Please show every line from the entries that carries the word "pseudoMetricType".

Entries taken from a collection
----------
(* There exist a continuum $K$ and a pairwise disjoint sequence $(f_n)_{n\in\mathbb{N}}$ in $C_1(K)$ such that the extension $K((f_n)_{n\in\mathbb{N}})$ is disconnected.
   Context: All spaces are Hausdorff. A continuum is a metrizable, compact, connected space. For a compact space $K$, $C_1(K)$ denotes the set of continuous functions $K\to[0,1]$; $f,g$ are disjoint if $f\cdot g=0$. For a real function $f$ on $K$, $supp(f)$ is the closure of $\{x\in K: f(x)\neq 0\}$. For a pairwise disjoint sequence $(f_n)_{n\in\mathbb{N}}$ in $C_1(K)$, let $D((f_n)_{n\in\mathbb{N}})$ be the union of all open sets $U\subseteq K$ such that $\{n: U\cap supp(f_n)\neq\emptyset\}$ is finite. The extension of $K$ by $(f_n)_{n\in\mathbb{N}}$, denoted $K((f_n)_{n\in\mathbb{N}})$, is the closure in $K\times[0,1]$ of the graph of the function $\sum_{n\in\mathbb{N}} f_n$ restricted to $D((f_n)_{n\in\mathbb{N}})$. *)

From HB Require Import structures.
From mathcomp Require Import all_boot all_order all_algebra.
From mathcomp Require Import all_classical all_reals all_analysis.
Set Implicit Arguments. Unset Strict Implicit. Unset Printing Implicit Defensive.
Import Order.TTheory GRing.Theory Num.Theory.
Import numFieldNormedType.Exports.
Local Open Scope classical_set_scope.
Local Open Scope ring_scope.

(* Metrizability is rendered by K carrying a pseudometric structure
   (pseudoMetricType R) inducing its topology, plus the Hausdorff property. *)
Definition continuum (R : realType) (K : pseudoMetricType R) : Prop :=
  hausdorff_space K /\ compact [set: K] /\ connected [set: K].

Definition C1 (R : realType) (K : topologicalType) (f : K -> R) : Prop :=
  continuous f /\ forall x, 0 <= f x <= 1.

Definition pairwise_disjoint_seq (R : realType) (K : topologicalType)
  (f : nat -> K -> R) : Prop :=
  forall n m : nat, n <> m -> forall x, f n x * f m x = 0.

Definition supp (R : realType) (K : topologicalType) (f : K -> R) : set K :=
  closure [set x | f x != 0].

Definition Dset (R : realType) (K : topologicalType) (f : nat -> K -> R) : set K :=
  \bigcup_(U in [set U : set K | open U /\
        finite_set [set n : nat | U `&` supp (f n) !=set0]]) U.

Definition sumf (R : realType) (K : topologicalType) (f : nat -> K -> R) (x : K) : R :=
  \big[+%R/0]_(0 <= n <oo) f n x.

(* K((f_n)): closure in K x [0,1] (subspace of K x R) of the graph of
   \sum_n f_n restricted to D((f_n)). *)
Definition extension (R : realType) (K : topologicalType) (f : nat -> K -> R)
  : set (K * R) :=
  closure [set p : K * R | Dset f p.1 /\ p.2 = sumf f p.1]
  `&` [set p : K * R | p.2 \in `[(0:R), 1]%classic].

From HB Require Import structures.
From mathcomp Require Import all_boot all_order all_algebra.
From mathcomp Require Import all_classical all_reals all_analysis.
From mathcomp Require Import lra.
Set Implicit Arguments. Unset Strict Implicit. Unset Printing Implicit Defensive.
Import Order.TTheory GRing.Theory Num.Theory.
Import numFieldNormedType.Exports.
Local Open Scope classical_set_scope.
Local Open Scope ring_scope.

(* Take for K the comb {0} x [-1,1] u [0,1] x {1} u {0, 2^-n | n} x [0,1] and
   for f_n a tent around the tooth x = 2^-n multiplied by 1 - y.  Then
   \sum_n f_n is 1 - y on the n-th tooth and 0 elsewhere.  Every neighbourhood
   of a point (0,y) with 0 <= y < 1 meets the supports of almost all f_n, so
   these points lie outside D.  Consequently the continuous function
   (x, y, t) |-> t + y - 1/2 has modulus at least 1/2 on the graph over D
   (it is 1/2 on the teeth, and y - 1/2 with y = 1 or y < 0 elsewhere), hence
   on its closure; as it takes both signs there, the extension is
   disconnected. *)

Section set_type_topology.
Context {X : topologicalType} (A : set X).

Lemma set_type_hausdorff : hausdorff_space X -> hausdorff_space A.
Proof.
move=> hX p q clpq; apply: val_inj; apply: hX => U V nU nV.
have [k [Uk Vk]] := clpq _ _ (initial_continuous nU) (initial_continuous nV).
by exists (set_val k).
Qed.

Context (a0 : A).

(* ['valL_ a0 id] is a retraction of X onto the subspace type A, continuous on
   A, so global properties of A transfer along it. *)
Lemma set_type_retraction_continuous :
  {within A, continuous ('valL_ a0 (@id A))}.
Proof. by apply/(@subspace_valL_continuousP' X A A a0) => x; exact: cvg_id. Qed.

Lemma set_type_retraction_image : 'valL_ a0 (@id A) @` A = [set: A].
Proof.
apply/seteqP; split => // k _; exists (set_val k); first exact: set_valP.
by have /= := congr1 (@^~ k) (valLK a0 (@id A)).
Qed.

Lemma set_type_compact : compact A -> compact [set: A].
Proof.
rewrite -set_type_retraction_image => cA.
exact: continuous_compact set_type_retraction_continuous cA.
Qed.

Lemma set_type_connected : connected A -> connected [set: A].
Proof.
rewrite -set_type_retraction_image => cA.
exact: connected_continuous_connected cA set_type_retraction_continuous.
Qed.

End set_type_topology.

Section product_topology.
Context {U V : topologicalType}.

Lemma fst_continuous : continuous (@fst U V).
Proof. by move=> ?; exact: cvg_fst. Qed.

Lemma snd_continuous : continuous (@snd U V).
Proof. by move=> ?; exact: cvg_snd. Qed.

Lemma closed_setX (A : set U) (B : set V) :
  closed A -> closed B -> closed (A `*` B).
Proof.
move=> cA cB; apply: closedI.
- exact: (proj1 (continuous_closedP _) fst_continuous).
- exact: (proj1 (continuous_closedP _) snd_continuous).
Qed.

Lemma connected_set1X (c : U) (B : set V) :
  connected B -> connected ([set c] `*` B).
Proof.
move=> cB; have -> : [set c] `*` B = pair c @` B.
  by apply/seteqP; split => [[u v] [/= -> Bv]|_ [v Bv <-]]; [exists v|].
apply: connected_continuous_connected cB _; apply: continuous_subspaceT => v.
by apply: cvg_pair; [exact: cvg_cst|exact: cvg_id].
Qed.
----------
Problem solution:
   (pseudoMetricType R) inducing its topology, plus the Hausdorff property. *)
Definition continuum (R : realType) (K : pseudoMetricType R) : Prop :=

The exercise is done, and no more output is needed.